* [Task goal]: When you reach the line that contains "(* Let $\boldsymbol\lambda,\boldsymbol\mu\in\Pi^l_m$" in the data below, start reproducing lines exactly, and stop after the line that contains "From mathcomp Require Import all_boot all_algebra.".

* [Task data]:
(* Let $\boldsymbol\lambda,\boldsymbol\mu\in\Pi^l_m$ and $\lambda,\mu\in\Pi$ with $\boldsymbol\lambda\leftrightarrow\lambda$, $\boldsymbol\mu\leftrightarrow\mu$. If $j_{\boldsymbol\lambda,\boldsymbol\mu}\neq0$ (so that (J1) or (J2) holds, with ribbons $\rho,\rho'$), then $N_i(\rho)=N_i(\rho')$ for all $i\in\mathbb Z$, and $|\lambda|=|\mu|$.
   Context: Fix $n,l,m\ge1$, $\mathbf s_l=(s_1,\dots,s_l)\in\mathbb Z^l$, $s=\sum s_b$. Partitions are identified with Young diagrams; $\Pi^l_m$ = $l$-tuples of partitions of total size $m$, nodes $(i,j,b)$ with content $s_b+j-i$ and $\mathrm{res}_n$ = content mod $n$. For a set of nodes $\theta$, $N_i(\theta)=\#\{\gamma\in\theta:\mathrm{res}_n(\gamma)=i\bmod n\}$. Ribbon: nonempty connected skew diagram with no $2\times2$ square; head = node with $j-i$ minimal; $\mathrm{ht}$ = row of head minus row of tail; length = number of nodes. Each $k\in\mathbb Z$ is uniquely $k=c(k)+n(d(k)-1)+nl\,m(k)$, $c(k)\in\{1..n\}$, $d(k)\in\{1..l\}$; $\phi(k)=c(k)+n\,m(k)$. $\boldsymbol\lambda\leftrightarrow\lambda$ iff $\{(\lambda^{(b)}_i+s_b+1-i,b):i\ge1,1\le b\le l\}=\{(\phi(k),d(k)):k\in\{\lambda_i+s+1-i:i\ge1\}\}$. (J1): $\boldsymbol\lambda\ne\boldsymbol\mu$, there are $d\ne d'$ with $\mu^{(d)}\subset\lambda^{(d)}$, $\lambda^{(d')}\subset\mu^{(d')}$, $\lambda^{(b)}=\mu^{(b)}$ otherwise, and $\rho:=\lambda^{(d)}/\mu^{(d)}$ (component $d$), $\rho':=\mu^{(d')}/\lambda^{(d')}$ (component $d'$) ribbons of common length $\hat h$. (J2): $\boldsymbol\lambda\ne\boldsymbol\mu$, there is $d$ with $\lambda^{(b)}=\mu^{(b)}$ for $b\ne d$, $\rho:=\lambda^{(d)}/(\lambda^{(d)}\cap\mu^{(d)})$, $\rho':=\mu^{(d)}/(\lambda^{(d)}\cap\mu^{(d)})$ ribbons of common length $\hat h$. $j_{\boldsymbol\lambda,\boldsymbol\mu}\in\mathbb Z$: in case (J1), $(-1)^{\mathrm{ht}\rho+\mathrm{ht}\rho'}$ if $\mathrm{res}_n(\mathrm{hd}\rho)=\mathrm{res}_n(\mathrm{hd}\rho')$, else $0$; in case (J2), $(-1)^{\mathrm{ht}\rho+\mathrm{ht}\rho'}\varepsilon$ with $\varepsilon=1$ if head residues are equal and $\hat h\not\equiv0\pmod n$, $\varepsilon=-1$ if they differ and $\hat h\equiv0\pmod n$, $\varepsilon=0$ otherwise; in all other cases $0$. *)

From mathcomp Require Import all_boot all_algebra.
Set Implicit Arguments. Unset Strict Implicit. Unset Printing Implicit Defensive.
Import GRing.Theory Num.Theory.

==

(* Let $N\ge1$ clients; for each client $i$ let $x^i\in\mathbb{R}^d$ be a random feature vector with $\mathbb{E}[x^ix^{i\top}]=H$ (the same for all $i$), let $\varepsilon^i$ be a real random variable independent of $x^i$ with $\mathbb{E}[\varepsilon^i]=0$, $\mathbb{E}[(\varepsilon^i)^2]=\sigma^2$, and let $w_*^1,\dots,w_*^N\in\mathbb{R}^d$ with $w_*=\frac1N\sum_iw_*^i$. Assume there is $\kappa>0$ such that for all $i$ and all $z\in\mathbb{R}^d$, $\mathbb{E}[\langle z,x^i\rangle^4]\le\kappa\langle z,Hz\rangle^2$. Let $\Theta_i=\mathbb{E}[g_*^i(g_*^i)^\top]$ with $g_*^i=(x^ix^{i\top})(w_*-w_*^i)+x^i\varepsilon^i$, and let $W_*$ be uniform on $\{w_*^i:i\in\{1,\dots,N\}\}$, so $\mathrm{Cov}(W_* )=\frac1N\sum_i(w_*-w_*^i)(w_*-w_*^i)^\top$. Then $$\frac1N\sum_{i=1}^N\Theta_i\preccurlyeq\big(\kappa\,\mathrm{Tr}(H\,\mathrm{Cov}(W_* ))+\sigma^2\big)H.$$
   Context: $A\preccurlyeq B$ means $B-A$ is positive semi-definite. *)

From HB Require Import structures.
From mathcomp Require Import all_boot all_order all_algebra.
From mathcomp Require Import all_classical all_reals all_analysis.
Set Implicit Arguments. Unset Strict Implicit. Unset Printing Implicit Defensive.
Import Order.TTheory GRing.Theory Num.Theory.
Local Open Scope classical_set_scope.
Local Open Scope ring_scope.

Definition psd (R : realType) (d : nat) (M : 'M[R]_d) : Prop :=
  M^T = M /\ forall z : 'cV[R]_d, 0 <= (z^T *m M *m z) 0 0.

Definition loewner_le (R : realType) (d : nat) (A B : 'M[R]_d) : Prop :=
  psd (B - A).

* [Response to the task]:
(* Let $\boldsymbol\lambda,\boldsymbol\mu\in\Pi^l_m$ and $\lambda,\mu\in\Pi$ with $\boldsymbol\lambda\leftrightarrow\lambda$, $\boldsymbol\mu\leftrightarrow\mu$. If $j_{\boldsymbol\lambda,\boldsymbol\mu}\neq0$ (so that (J1) or (J2) holds, with ribbons $\rho,\rho'$), then $N_i(\rho)=N_i(\rho')$ for all $i\in\mathbb Z$, and $|\lambda|=|\mu|$.
   Context: Fix $n,l,m\ge1$, $\mathbf s_l=(s_1,\dots,s_l)\in\mathbb Z^l$, $s=\sum s_b$. Partitions are identified with Young diagrams; $\Pi^l_m$ = $l$-tuples of partitions of total size $m$, nodes $(i,j,b)$ with content $s_b+j-i$ and $\mathrm{res}_n$ = content mod $n$. For a set of nodes $\theta$, $N_i(\theta)=\#\{\gamma\in\theta:\mathrm{res}_n(\gamma)=i\bmod n\}$. Ribbon: nonempty connected skew diagram with no $2\times2$ square; head = node with $j-i$ minimal; $\mathrm{ht}$ = row of head minus row of tail; length = number of nodes. Each $k\in\mathbb Z$ is uniquely $k=c(k)+n(d(k)-1)+nl\,m(k)$, $c(k)\in\{1..n\}$, $d(k)\in\{1..l\}$; $\phi(k)=c(k)+n\,m(k)$. $\boldsymbol\lambda\leftrightarrow\lambda$ iff $\{(\lambda^{(b)}_i+s_b+1-i,b):i\ge1,1\le b\le l\}=\{(\phi(k),d(k)):k\in\{\lambda_i+s+1-i:i\ge1\}\}$. (J1): $\boldsymbol\lambda\ne\boldsymbol\mu$, there are $d\ne d'$ with $\mu^{(d)}\subset\lambda^{(d)}$, $\lambda^{(d')}\subset\mu^{(d')}$, $\lambda^{(b)}=\mu^{(b)}$ otherwise, and $\rho:=\lambda^{(d)}/\mu^{(d)}$ (component $d$), $\rho':=\mu^{(d')}/\lambda^{(d')}$ (component $d'$) ribbons of common length $\hat h$. (J2): $\boldsymbol\lambda\ne\boldsymbol\mu$, there is $d$ with $\lambda^{(b)}=\mu^{(b)}$ for $b\ne d$, $\rho:=\lambda^{(d)}/(\lambda^{(d)}\cap\mu^{(d)})$, $\rho':=\mu^{(d)}/(\lambda^{(d)}\cap\mu^{(d)})$ ribbons of common length $\hat h$. $j_{\boldsymbol\lambda,\boldsymbol\mu}\in\mathbb Z$: in case (J1), $(-1)^{\mathrm{ht}\rho+\mathrm{ht}\rho'}$ if $\mathrm{res}_n(\mathrm{hd}\rho)=\mathrm{res}_n(\mathrm{hd}\rho')$, else $0$; in case (J2), $(-1)^{\mathrm{ht}\rho+\mathrm{ht}\rho'}\varepsilon$ with $\varepsilon=1$ if head residues are equal and $\hat h\not\equiv0\pmod n$, $\varepsilon=-1$ if they differ and $\hat h\equiv0\pmod n$, $\varepsilon=0$ otherwise; in all other cases $0$. *)

From mathcomp Require Import all_boot all_algebra.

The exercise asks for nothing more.